START RECORDS
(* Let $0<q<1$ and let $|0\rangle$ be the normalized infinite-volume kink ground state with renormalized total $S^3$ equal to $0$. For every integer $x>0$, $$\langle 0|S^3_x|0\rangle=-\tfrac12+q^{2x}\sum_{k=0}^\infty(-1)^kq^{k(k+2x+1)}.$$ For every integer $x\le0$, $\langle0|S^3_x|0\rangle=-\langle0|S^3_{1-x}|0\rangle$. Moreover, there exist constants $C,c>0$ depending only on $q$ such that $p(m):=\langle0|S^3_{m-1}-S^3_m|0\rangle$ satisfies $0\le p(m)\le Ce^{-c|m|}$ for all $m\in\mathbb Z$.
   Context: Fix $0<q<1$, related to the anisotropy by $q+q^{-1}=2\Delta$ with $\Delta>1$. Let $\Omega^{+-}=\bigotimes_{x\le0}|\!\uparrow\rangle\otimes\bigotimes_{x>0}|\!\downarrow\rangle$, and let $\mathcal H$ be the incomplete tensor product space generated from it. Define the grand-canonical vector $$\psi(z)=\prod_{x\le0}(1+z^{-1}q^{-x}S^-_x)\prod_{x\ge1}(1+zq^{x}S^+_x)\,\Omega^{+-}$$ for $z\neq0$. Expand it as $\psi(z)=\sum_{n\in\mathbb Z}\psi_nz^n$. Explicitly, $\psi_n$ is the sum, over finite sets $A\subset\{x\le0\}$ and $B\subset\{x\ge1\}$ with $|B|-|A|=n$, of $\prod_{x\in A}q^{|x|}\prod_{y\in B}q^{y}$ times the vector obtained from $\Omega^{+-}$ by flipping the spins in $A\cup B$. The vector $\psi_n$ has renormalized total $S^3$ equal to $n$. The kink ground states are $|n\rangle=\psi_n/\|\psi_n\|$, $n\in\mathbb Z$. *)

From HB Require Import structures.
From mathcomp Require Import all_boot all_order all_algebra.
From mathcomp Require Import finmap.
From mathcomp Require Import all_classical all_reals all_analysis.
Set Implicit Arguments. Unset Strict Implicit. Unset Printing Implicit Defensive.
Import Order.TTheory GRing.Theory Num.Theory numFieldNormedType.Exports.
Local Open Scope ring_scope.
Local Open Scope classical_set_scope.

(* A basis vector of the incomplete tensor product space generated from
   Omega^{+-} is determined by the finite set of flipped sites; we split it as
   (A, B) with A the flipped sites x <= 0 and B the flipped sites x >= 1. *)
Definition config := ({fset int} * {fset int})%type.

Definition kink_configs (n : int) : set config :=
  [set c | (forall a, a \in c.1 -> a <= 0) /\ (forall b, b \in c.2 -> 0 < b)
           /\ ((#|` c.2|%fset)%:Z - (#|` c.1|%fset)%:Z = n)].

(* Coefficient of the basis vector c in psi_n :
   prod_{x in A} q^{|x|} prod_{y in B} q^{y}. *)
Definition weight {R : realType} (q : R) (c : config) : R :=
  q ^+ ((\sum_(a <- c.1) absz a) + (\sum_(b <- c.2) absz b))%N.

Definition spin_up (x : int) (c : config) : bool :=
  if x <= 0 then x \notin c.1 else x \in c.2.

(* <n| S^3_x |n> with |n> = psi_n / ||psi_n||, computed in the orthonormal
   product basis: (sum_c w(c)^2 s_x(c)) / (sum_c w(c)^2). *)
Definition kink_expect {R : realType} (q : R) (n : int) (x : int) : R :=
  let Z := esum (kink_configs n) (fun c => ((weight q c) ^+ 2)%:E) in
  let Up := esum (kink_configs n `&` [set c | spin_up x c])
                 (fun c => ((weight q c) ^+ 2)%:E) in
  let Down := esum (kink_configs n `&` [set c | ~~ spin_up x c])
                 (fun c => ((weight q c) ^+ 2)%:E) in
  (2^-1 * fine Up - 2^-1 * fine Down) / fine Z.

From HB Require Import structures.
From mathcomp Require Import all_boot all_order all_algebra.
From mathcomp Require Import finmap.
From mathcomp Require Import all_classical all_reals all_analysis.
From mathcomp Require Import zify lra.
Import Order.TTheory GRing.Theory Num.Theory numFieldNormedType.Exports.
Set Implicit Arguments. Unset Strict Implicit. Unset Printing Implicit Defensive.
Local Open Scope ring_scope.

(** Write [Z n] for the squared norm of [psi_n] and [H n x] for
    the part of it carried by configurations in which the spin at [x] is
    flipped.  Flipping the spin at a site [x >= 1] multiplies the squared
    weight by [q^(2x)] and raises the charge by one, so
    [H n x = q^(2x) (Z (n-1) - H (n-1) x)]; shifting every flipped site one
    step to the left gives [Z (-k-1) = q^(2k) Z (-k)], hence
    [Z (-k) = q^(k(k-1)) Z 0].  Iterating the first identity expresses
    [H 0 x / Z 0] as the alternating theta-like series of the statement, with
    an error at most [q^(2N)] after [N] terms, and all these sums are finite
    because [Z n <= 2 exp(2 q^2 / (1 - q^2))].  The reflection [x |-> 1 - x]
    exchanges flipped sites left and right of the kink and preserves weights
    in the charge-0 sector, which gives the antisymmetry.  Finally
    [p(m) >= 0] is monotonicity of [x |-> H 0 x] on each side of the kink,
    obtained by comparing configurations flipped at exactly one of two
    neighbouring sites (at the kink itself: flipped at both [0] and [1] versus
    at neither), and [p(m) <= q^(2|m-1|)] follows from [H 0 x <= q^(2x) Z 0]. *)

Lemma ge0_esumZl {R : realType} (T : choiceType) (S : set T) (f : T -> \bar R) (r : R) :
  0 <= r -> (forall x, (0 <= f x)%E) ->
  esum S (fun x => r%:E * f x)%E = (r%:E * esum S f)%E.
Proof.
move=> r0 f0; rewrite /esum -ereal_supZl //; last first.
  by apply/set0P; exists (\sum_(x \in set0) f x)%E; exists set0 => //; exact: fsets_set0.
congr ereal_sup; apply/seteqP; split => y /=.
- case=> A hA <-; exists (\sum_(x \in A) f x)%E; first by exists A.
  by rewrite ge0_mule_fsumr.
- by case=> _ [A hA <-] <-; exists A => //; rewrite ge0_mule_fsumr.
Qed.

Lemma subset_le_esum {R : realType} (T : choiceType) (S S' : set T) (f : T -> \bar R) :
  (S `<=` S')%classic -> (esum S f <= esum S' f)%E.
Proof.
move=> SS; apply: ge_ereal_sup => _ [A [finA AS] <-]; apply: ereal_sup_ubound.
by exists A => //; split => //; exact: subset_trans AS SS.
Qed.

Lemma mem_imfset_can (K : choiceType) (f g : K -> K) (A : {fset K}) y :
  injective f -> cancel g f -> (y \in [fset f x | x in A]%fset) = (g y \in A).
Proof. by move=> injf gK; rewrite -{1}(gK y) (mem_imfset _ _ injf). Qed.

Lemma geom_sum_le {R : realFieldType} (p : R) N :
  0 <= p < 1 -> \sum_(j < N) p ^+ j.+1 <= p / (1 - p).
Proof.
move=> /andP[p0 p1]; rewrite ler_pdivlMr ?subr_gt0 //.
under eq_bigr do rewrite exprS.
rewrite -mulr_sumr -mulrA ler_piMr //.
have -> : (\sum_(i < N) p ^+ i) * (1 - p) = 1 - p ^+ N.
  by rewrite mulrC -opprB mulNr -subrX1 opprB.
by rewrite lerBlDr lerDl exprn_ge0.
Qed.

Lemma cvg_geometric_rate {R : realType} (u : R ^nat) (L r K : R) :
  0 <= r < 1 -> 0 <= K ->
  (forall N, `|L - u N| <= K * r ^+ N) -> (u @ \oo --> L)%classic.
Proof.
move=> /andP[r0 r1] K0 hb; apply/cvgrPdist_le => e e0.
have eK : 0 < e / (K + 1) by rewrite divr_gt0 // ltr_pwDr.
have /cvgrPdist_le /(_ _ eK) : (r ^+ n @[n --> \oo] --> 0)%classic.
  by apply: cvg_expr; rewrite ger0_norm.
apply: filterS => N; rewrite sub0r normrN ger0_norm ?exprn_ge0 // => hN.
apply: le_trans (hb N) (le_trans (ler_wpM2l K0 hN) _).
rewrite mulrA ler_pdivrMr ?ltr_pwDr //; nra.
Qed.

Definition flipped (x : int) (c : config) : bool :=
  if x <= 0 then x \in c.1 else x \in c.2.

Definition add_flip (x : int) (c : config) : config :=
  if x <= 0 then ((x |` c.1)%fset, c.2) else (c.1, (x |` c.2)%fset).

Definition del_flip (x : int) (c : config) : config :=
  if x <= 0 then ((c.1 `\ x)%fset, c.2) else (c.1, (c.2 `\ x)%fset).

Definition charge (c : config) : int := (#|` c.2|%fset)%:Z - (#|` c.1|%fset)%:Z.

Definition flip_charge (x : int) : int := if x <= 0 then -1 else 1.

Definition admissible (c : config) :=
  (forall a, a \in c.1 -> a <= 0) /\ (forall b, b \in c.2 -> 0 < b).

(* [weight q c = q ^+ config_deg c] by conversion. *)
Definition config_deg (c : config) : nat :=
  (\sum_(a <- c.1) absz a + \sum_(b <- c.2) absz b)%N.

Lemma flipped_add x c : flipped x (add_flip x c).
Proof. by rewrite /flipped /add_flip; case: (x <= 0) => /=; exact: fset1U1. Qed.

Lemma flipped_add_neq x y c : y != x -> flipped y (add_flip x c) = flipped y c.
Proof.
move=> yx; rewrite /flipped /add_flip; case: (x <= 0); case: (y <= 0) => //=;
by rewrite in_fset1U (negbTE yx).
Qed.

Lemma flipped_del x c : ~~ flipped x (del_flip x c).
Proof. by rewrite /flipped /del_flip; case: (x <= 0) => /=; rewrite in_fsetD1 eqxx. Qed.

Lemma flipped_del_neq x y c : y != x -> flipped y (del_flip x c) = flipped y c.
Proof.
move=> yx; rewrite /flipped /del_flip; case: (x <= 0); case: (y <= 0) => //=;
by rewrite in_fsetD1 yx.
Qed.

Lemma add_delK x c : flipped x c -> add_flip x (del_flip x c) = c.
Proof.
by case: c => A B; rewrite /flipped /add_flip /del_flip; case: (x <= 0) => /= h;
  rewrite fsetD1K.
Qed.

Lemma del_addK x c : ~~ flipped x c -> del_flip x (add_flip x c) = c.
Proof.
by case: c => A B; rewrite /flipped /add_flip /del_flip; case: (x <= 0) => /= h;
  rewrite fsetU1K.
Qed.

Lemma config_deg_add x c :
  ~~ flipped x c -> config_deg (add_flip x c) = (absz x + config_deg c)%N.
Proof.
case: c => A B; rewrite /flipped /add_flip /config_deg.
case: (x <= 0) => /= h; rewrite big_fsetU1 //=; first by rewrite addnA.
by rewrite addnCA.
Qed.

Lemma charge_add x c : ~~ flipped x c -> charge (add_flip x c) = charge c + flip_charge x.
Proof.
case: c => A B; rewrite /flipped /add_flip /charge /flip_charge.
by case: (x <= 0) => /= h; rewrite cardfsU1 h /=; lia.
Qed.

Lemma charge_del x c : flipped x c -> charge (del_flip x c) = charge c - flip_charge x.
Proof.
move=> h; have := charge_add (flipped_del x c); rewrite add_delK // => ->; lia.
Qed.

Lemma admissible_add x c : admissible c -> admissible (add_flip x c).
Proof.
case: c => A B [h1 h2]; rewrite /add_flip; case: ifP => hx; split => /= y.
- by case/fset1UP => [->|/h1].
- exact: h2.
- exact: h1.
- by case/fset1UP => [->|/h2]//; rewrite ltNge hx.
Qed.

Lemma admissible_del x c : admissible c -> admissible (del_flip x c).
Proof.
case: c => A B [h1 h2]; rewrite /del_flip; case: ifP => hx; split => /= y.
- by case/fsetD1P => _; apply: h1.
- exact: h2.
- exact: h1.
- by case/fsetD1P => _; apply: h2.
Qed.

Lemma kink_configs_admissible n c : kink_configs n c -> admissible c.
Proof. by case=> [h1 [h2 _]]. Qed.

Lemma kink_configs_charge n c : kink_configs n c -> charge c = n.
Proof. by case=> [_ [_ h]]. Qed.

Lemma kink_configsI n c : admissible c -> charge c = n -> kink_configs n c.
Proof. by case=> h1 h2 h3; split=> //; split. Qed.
END RECORDS
TO DO:
Above are the records; from them, give again exactly the lines from the one containing "[set c | (forall" through the one containing "[H n x = q^(2x)", both included.

TASK OUTPUT:
  [set c | (forall a, a \in c.1 -> a <= 0) /\ (forall b, b \in c.2 -> 0 < b)
           /\ ((#|` c.2|%fset)%:Z - (#|` c.1|%fset)%:Z = n)].

(* Coefficient of the basis vector c in psi_n :
   prod_{x in A} q^{|x|} prod_{y in B} q^{y}. *)
Definition weight {R : realType} (q : R) (c : config) : R :=
  q ^+ ((\sum_(a <- c.1) absz a) + (\sum_(b <- c.2) absz b))%N.

Definition spin_up (x : int) (c : config) : bool :=
  if x <= 0 then x \notin c.1 else x \in c.2.

(* <n| S^3_x |n> with |n> = psi_n / ||psi_n||, computed in the orthonormal
   product basis: (sum_c w(c)^2 s_x(c)) / (sum_c w(c)^2). *)
Definition kink_expect {R : realType} (q : R) (n : int) (x : int) : R :=
  let Z := esum (kink_configs n) (fun c => ((weight q c) ^+ 2)%:E) in
  let Up := esum (kink_configs n `&` [set c | spin_up x c])
                 (fun c => ((weight q c) ^+ 2)%:E) in
  let Down := esum (kink_configs n `&` [set c | ~~ spin_up x c])
                 (fun c => ((weight q c) ^+ 2)%:E) in
  (2^-1 * fine Up - 2^-1 * fine Down) / fine Z.

From HB Require Import structures.
From mathcomp Require Import all_boot all_order all_algebra.
From mathcomp Require Import finmap.
From mathcomp Require Import all_classical all_reals all_analysis.
From mathcomp Require Import zify lra.
Import Order.TTheory GRing.Theory Num.Theory numFieldNormedType.Exports.
Set Implicit Arguments. Unset Strict Implicit. Unset Printing Implicit Defensive.
Local Open Scope ring_scope.

(** Write [Z n] for the squared norm of [psi_n] and [H n x] for
    the part of it carried by configurations in which the spin at [x] is
    flipped.  Flipping the spin at a site [x >= 1] multiplies the squared
    weight by [q^(2x)] and raises the charge by one, so
    [H n x = q^(2x) (Z (n-1) - H (n-1) x)]; shifting every flipped site one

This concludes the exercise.